# 2015 Campy Record Rear Derailleur NON-technical Manual



## Notvintage (May 19, 2013)

Campy is getting worse with documentation than ever. I bought a 2015 Record group and the tech manual for 2015 rear derailleur shows all the instructions for an older mode. I really don't want to "wing it" as this derailleur is WAY different than the 2013 it replaced.


----------



## bikerjulio (Jan 19, 2010)

They must have packed the wrong one.

Instructions are here http://www.campagnolo.com/media/files/035_265_User_manual_rear%20derailleur_11-speed_Campagnolo_Rev01_08_14.pdf basically saying "see a Campy professional"


----------



## Notvintage (May 19, 2013)

bikerjulio said:


> "see a Campy professional"


Lol. Classic. I've wrenched Campy for over 25 years. I figured out the issue anyways. The 2mm set-screws are the limit screws but work opposite of previous dérailleurs.


----------



## 1Butcher (Mar 15, 2011)

Where's Roadworthy when you need him?


----------



## thosj (Mar 24, 2010)

Notvintage said:


> The 2mm set-screws are the limit screws but work opposite of previous dérailleurs.


Hey, at least the 2mm set screws (well, 2mm socket at least, 3mm screws(?)) are visible so you can see where they hit and can tell which side you're adjusting. I'm going to count myself a "Campy Professional" and just figger it out becasue that stoopid manual doesn't even SHOW stop screws and doesn't show/mention the new "B" screw on these 2015 mechs, let alone explain any relationship betwixt said "B" screw and the still existant "H", nee "G", screw!! Sheesh.

Lots of love,
Campy Professionsl


----------



## jemsurvey (Aug 2, 2009)

Here's the 2015 rear mech technical manual....cover everything you need.
http://www.campagnolo.com/media/fil... rear derailleur - Campagnolo_Rev01_02_15.pdf


----------



## bikerjulio (Jan 19, 2010)

2 things-

That tech manual still does not address the new "B" screw.
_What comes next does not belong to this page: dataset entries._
(* For a plane binary tree $t$ with $k$ nodes, let $S_t(z)$ be the exponential generating function of plane increasing binary trees having no fringe subtree of shape $t$, and let $\tilde\rho$ be its dominant singularity. Then for every $\delta>0$ the following holds: if $k$ is sufficiently large, then $S_t(z)$ has no singularity in the domain \[ \tilde\rho < |z| < 1 + \frac{(2-\delta)\ln k}{k}. \]
   Context: A plane binary tree is a rooted tree in which each node has a left and a right slot, each empty or holding a subtree. A plane increasing binary tree of size $n$ is such a tree whose $n$ nodes are labeled $1,\dots,n$ increasingly along every path from the root. A fringe subtree is a node with all its descendants; its shape is obtained by forgetting labels. For $t$ with $k$ nodes, $w(t)=\ell(t)/k!$ where $\ell(t)$ is the number of increasing labelings of $t$. $S_t$ is the power series solution of $S_t'=(1+S_t)^2-w(t)kz^{k-1}$, $S_t(0)=0$; one has $S_t=-u'/u$ with $u$ the entire solution of $u''-2u'+(1-w(t)kz^{k-1})u=0$, $u(0)=-1$, $u'(0)=0$, and $\tilde\rho>1$ is the smallest positive zero of $u$. *)

From mathcomp Require Import all_boot.

Set Implicit Arguments.
Unset Strict Implicit.
Unset Printing Implicit Defensive.

Inductive btree : Type := Leaf | Node of btree & btree.

Fixpoint bsize (t : btree) : nat :=
  match t with Leaf => 0 | Node l r => (bsize l + bsize r).+1 end.

(* Nodes of t are numbered 0..bsize t - 1 in preorder, starting at offset o.
   parent_edges o t lists the (parent, child) pairs of node numbers. *)
Fixpoint parent_edges (o : nat) (t : btree) : seq (nat * nat) :=
  match t with
  | Leaf => [::]
  | Node l r =>
      let lo := o.+1 in
      let ro := o.+1 + bsize l in
      (if l is Node _ _ then [:: (o, lo)] else [::]) ++
      (if r is Node _ _ then [:: (o, ro)] else [::]) ++
      parent_edges lo l ++ parent_edges ro r
  end.

(* An increasing labeling of t: a bijection f from the nodes {0..k-1} (preorder
   numbering) to the labels {0..k-1} (i.e. labels 1..k shifted by one) such that
   labels increase along every parent->child edge, hence along every path from
   the root. *)
Definition increasing_labeling (t : btree) (f : {ffun 'I_(bsize t) -> 'I_(bsize t)}) : bool :=
  injectiveb f &&
  [forall i : 'I_(bsize t), forall j : 'I_(bsize t),
     (((i : nat), (j : nat)) \in parent_edges 0 t) ==> (f i < f j)].

Definition nlabelings (t : btree) : nat :=
  #|[pred f : {ffun 'I_(bsize t) -> 'I_(bsize t)} | increasing_labeling f]|.

(* With c = k w(t), the function g(z) = e^(-z) u(z) solves g'' = c z^(k-1) g, g(0) = -1,
   g'(0) = 1.  Integrating along segments from 0, as long as |z| <= r the solution stays within
   O(c r^k / k) of z - 1 and g' stays within O(c r^k / k) of 1.  In an increasing labeling the
   root carries the smallest label, and the root of the larger subtree the smallest label of that
   subtree, whence c <= 2/(k-1).  For r = 1 + (2 - delta) ln k / k we get r^k <= k^(2-delta), so
   c r^k / k = O(k^-delta): every zero of u in |z| <= r lies within O(1/k) of 1, where g' is close
   to 1 and g is therefore injective.  So rho~ is the only zero of u in that disc. *)

From Stdlib Require Import Reals Factorial Lra Lia.
From Coquelicot Require Import Coquelicot.

Module LabelingCount.
From mathcomp Require Import all_boot perm zify.
Set Implicit Arguments. Unset Strict Implicit. Unset Printing Implicit Defensive.
Open Scope nat_scope.

Lemma parent_edges_lt o t i j :
  (i, j) \in parent_edges o t -> i < o + bsize t /\ j < o + bsize t.
Proof.
elim: t o => [|l IHl r IHr] o //=.
rewrite !mem_cat => /orP [|/orP [|/orP []]].
- by case: l {IHl} => //= ? ?; rewrite inE => /eqP [-> ->]; lia.
- by case: r {IHr} => //= ? ?; rewrite inE => /eqP [-> ->]; lia.
- by move/IHl; lia.
- by move/IHr; lia.
Qed.

Lemma edge_increasing_root_min (F : nat -> nat) o t :
  (forall i j, (i, j) \in parent_edges o t -> F i < F j) ->
  forall j, o <= j < o + bsize t -> F o <= F j.
Proof.
elim: t o => [|l IHl r IHr] o incF j /= j_in; first lia.
have [-> //|j_neq_o] := eqVneq j o.
have [j_l|j_r] := leqP j (o + bsize l).
- have l_gt0 : 0 < bsize l by lia.
  have edge : (o, o.+1) \in parent_edges o (Node l r).
    by case: (l) l_gt0 => //= ? ? _; rewrite inE eqxx.
  apply: leq_trans (ltnW (incF _ _ edge)) (IHl _ _ _ _); last lia.
  by move=> i k e; apply: incF; rewrite /= !mem_cat e !orbT.
- have r_gt0 : 0 < bsize r by lia.
  have edge : (o, o.+1 + bsize l) \in parent_edges o (Node l r).
    by case: (r) r_gt0 => //= ? ? _; rewrite !mem_cat inE eqxx orbT.
  apply: leq_trans (ltnW (incF _ _ edge)) (IHr _ _ _ _); last lia.
  by move=> i k e; apply: incF; rewrite /= !mem_cat e !orbT.
Qed.

(* (f, x, y) |-> tperm ord0 x \o f \o tperm b y is injective: x is its value at r, where f is 0,
   and y is where its minimum over B is attained. *)
Lemma card_min_root_min_block n (r b : 'I_n.+1) (B : {set 'I_n.+1})
    (A : {pred {ffun 'I_n.+1 -> 'I_n.+1}}) :
  r \notin B -> b \in B ->
  (forall f, f \in A -> injective f) ->
  (forall f, f \in A -> forall j, f r <= f j) ->
  (forall f, f \in A -> forall j, j \in B -> f b <= f j) ->
  #|A| * (n.+1 * #|B|) <= n.+1`!.
Proof.
move=> r_notin_B b_in_B injA rootA blockA.
have root_label0 f : f \in A -> f r = ord0.
  move=> Af; have [g fK gK] := injF_bij (injA f Af).
  apply/val_inj/eqP; rewrite /= -leqn0.
  by apply: leq_trans (rootA f Af (g ord0)) _; rewrite gK.
have fix_r j : j \in B -> tperm b j r = r.
  by move=> jB; apply: tpermD; apply: contraNneq r_notin_B => <-.
have tperm_B y j : y \in B -> j \in B -> tperm b y j \in B by move=> yB jB; case: tpermP.
pose Phi (p : {ffun 'I_n.+1 -> 'I_n.+1} * ('I_n.+1 * 'I_n.+1)) : {ffun 'I_n.+1 -> 'I_n.+1} :=
  [ffun i => tperm ord0 p.2.1 (p.1 (tperm b p.2.2 i))].
pose D := setX [set f in A] (setX [set: 'I_n.+1] B).
have cardD : #|D| = #|A| * (n.+1 * #|B|) by rewrite !cardsX cardsE cardsT card_ord.
have card_inj : #|[set f : {ffun 'I_n.+1 -> 'I_n.+1} | injectiveb f]| = n.+1`!.
  by rewrite card_inj_ffuns card_ord ffactnn.
rewrite -cardD -card_inj -(@card_in_imset _ _ Phi) /D.
  apply/subset_leq_card/subsetP => _ /imsetP [[f [x y]] /[!inE] /andP [Af _] ->].
  by apply/injectiveP => i j; rewrite !ffunE => /perm_inj /(injA f Af) /perm_inj.
move=> [f [x y]] [f' [x' y']] /[!inE] /and3P [Af _ yB] /and3P [Af' _ y'B] /ffunP PhiE.
have xE : x = x' by have := PhiE r; rewrite !ffunE /= !fix_r // !root_label0 // !tpermL.
subst x'.
have hE i : f (tperm b y i) = f' (tperm b y' i) by have := PhiE i; rewrite !ffunE => /perm_inj.
have yE : y = y'.
  have le_f := blockA f Af _ (tperm_B _ _ yB y'B).
  have le_f' := blockA f' Af' _ (tperm_B _ _ y'B yB).
  have := hE y; have := hE y'; rewrite !tpermR => hy' hy.
  apply: (inj_comp (injA f Af) (@perm_inj _ (tperm b y))) => /=.
  by apply/val_inj/eqP; rewrite tpermR eqn_leq le_f hy' hy le_f'.
subst y'.
suff -> : f = f' by [].
by apply/ffunP => i; rewrite -(tpermK b y i) hE.
Qed.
The picture on height adjustment (13) does not show a chain. But this adjustment is done with a chain on, right?


----------



## tka (Jun 11, 2014)

bikerjulio said:


> The picture on height adjustment (13) does not show a chain. But this adjustment is done with a chain on, right?
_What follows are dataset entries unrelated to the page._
(* Let $I,J\subset\mathbb{R}$ be open intervals, $M=I\times J$ with coordinates $(u,v)$, let $q,f:I\to\mathbb{R}$ be smooth functions of $u$ and $r,g:J\to\mathbb{R}$ smooth functions of $v$, with $f(u)g(v)(1+q(u)r(v))^2\neq0$ on $M$. Then: (i) there exist smooth $F_1:I\to\mathrm{SL}_2\mathbb{R}$, $F_2:J\to\mathrm{SL}_2\mathbb{R}$ with $F_1^{-1}dF_1=\begin{pmatrix}q&-q^2\\1&-q\end{pmatrix}f\,du$ and $F_2^{-1}dF_2=\begin{pmatrix}r&-r^2\\1&-r\end{pmatrix}g\,dv$, and for any such solution $\varphi=F_1F_2^t:M\to\mathbb{H}^3_1(-1)$ is a conformal timelike immersion of constant mean curvature $\pm1$ whose induced metric is conformal to $(1+qr)^2f g\,du\,dv$; (ii) there exist smooth $F_1:I\to\mathrm{SL}_2\mathbb{R}$, $F_2:J\to\mathrm{SL}_2\mathbb{R}$ with $F_1^{-1}dF_1=\begin{pmatrix}q&-q^2\\1&-q\end{pmatrix}f\,du$ and $(dF_2^{-1})F_2=\begin{pmatrix}r&1\\-r^2&-r\end{pmatrix}g\,dv$, and for any such solution $\psi=F_1F_2^{-1}:M\to\mathbb{H}^3_1(-1)$ is a conformal timelike immersion of constant mean curvature $\pm1$ whose induced metric is conformal to $(1+qr)^2fg\,du\,dv$.
   Context: $\mathbb{E}^4_2$ is $\mathbb{R}^4$ with metric $-(dx_0)^2-(dx_1)^2+(dx_2)^2+(dx_3)^2$, identified with $M_2(\mathbb{R})$ via $(x_0,x_1,x_2,x_3)\mapsto \begin{pmatrix}x_0+x_3& x_1+x_2\\ -x_1+x_2 & x_0-x_3\end{pmatrix}$, so $\langle u,v\rangle=\tfrac12\{\operatorname{tr}(uv)-\operatorname{tr}u\operatorname{tr}v\}$ and $\mathbb{H}^3_1(-1)=\{\langle x,x\rangle=-1\}=\mathrm{SL}_2\mathbb{R}$. Conformal timelike with null coordinates $(u,v)$: $\langle\varphi_u,\varphi_u\rangle=\langle\varphi_v,\varphi_v\rangle=0\neq\langle\varphi_u,\varphi_v\rangle$. Mean curvature w.r.t. unit normal $N$: $H=2e^{-\omega}\langle\varphi_{uv},N\rangle$ where the metric is $e^\omega du\,dv$; ''constant mean curvature $\pm1$'' means $H\equiv1$ or $H\equiv-1$ for the chosen unit normal. The metric $(1+qr)^2fg\,du\,dv$ is the induced metric of the timelike minimal surface in Minkowski 3-space with Weierstrass data $(q,f)$, $(r,g)$. *)

From Stdlib Require Import Reals.
From Coquelicot Require Import Coquelicot.
Open Scope R_scope.
(* Let $R$ be a $K$-algebra with an ideal $J$ such that $J$ and $R/J$ are both locally unit-regular. Then $R$ is locally unit-regular if and only if for every idempotent $e \in R$, every unit of the unital algebra $eRe/eJe$ lifts to a unit of $eRe$ (i.e., is the image of a unit of $eRe$ under the quotient map $eRe \to eRe/eJe$).
   Context: $K$ is a field; algebras are associative, not necessarily unital; ideals are two-sided and $K$-subspaces. For an idempotent $e$, $eRe$ is a unital algebra with identity $e$, and $eJe$ is an ideal of it. A unital ring $S$ is unit-regular if for each $x\in S$ there is a unit $u$ of $S$ with $xux = x$. A $K$-algebra $R$ is locally unit-regular if every finite subset of $R$ is contained in a $K$-subalgebra of $R$ that has its own identity element and is unit-regular. *)

From HB Require Import structures.
From mathcomp Require Import all_boot all_order all_algebra.
Set Implicit Arguments. Unset Strict Implicit. Unset Printing Implicit Defensive.
Import GRing.Theory.
Local Open Scope ring_scope.

Record nualg (K : fieldType) := NUAlg {
  nua_sort :> lmodType K;
  nua_mul : nua_sort -> nua_sort -> nua_sort;
  nua_mulA : forall x y z, nua_mul x (nua_mul y z) = nua_mul (nua_mul x y) z;
  nua_mulDl : forall x y z, nua_mul (x + y) z = nua_mul x z + nua_mul y z;
  nua_mulDr : forall x y z, nua_mul x (y + z) = nua_mul x y + nua_mul x z;
  nua_mulZl : forall (a : K) x y, nua_mul (a *: x) y = a *: nua_mul x y;
  nua_mulZr : forall (a : K) x y, nua_mul x (a *: y) = a *: nua_mul x y
}.

Notation "x ⋅ y" := (@nua_mul _ _ x y) (at level 40, left associativity).

Section Defs.
Variables (K : fieldType) (R : nualg K).

Definition is_subalg (S : R -> Prop) : Prop :=
  [/\ S 0, (forall x y, S x -> S y -> S (x + y)),
      (forall (a : K) x, S x -> S (a *: x)) &
      (forall x y, S x -> S y -> S (x ⋅ y))].

Definition is_ideal (J : R -> Prop) : Prop :=
  [/\ J 0, (forall x y, J x -> J y -> J (x + y)),
      (forall (a : K) x, J x -> J (a *: x)) &
      (forall r x, J x -> J (r ⋅ x) /\ J (x ⋅ r))].

Definition is_identity_of (S : R -> Prop) (e : R) : Prop :=
  S e /\ forall x, S x -> e ⋅ x = x /\ x ⋅ e = x.

Definition unit_regular_with (S : R -> Prop) (e : R) : Prop :=
  forall x, S x -> exists u v, [/\ S u, S v, u ⋅ v = e, v ⋅ u = e & x ⋅ u ⋅ x = x].

Definition locally_unit_regular_in (A : R -> Prop) : Prop :=
  forall s : seq R, (forall x, x \in s -> A x) ->
    exists S : R -> Prop,
      [/\ is_subalg S, (forall x, S x -> A x), (forall x, x \in s -> S x) &
          exists e, is_identity_of S e /\ unit_regular_with S e].

Definition locally_unit_regular : Prop := locally_unit_regular_in (fun _ => True).

Definition corner (e : R) : R -> Prop := fun z => exists r, z = e ⋅ r ⋅ e.
Definition corner_in (J : R -> Prop) (e : R) : R -> Prop :=
  fun z => exists j, J j /\ z = e ⋅ j ⋅ e.

(* A unit of eRe/eJe is the
   class of some x in eRe for which there is y in eRe with xy - e and yx - e
   in eJe; it lifts if some unit u of eRe (inverse v in eRe) satisfies
   u - x in eJe, i.e. u maps to the class of x. *)
Definition units_lift (J : R -> Prop) (e : R) : Prop :=
  forall x y, corner e x -> corner e y ->
    corner_in J e (x ⋅ y - e) -> corner_in J e (y ⋅ x - e) ->
    exists u v, [/\ corner e u, corner e v, u ⋅ v = e, v ⋅ u = e &
                    corner_in J e (u - x)].

End Defs.

(* pi : R -> Q is a surjective K-algebra homomorphism with kernel J, i.e.
   Q together with pi is (a copy of) the quotient algebra R/J. *)
Definition is_quotient_map (K : fieldType) (R Q : nualg K) (J : R -> Prop)
    (pi : R -> Q) : Prop :=
  [/\ (forall x y, pi (x + y) = pi x + pi y),
      (forall (a : K) x, pi (a *: x) = a *: pi x),
      (forall x y, pi (x ⋅ y) = pi x ⋅ pi y),
      (forall q, exists x, pi x = q) &
      (forall x, pi x = 0 <-> J x)].

From mathcomp Require Import all_boot all_order all_algebra.
Set Implicit Arguments. Unset Strict Implicit. Unset Printing Implicit Defensive.
Import GRing.Theory.
Local Open Scope ring_scope.

(* Forward, the inverse of a unit inner inverse of x in a unit-regular corner
   eSe lifts the class of x. Backward, R is regular and has idempotent local
   units e, and for a unit-regular subalgebra T of R/J the preimage of
   pi(e) T pi(e) in eRe is unit-regular: units of pi(e) T pi(e) lift to eRe by
   hypothesis, and the remaining correction happens inside the locally
   unit-regular ideal J. *)

Section NonUnitalAlgebra.
Variables (K : fieldType) (A : nualg K).
Implicit Types (S T : A -> Prop) (x y z e f : A).

Lemma nmulA x y z : x ⋅ (y ⋅ z) = x ⋅ y ⋅ z. Proof. exact: nua_mulA. Qed.
Lemma nmulDl x y z : (x + y) ⋅ z = x ⋅ z + y ⋅ z. Proof. exact: nua_mulDl. Qed.
Lemma nmulDr x y z : x ⋅ (y + z) = x ⋅ y + x ⋅ z. Proof. exact: nua_mulDr. Qed.

Lemma nmul0r x : 0 ⋅ x = 0.
Proof. by apply: (addrI (0 ⋅ x)); rewrite -nmulDl !addr0. Qed.

Lemma nmulr0 x : x ⋅ 0 = 0.
Proof. by apply: (addrI (x ⋅ 0)); rewrite -nmulDr !addr0. Qed.

Lemma nmulNr x y : (- x) ⋅ y = - (x ⋅ y).
Proof. by apply/eqP; rewrite -addr_eq0 -nmulDl addNr nmul0r. Qed.

Lemma nmulrN x y : x ⋅ (- y) = - (x ⋅ y).
Proof. by apply/eqP; rewrite -addr_eq0 -nmulDr addNr nmulr0. Qed.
The step before the adjustment reads: "Fit the chain on the max. sprocket and on the smallest front chainring" so it appears that this is done with the chain on.


----------



## bikerjulio (Jan 19, 2010)

tka said:


> The step before the adjustment reads: "Fit the chain on the max. sprocket and on the smallest front chainring" so it appears that this is done with the chain on.


It's what I thought because it wouldn't make sense any other way. Don't know why they can't show a pic from the side showing the chain on.


----------



## thosj (Mar 24, 2010)

Because we are, after all, professionals!!! Campagnolo professionals. Professionals who know, from using Shimano/others for years, what the "B" screw is for......and that you adjust the "B" "G" "H" screw with the chain on I always told my kids, and now grandkids, with the same dollop of sarcasm, "The first thing you do when you open the box for some new thing is throw out the manual." It appears now to have become the proper procedure. :mad2:


----------



## bikerjulio (Jan 19, 2010)

Don't forget that there's always the threat of "personal injury or death" hanging over you if you don't get it right.


----------



## 1Butcher (Mar 15, 2011)

https://www.youtube.com/watch?v=Y_1pkG2XfT0


----------



## thosj (Mar 24, 2010)

Cool. Still no mention of the new "B" screw, however


----------



## jmoryl (Sep 5, 2004)

Notvintage said:


> Campy is getting worse with documentation than ever. I bought a 2015 Record group and the tech manual for 2015 rear derailleur shows all the instructions for an older mode. I really don't want to "wing it" as this derailleur is WAY different than the 2013 it replaced.


At least its not written in Romanian.... yet!


----------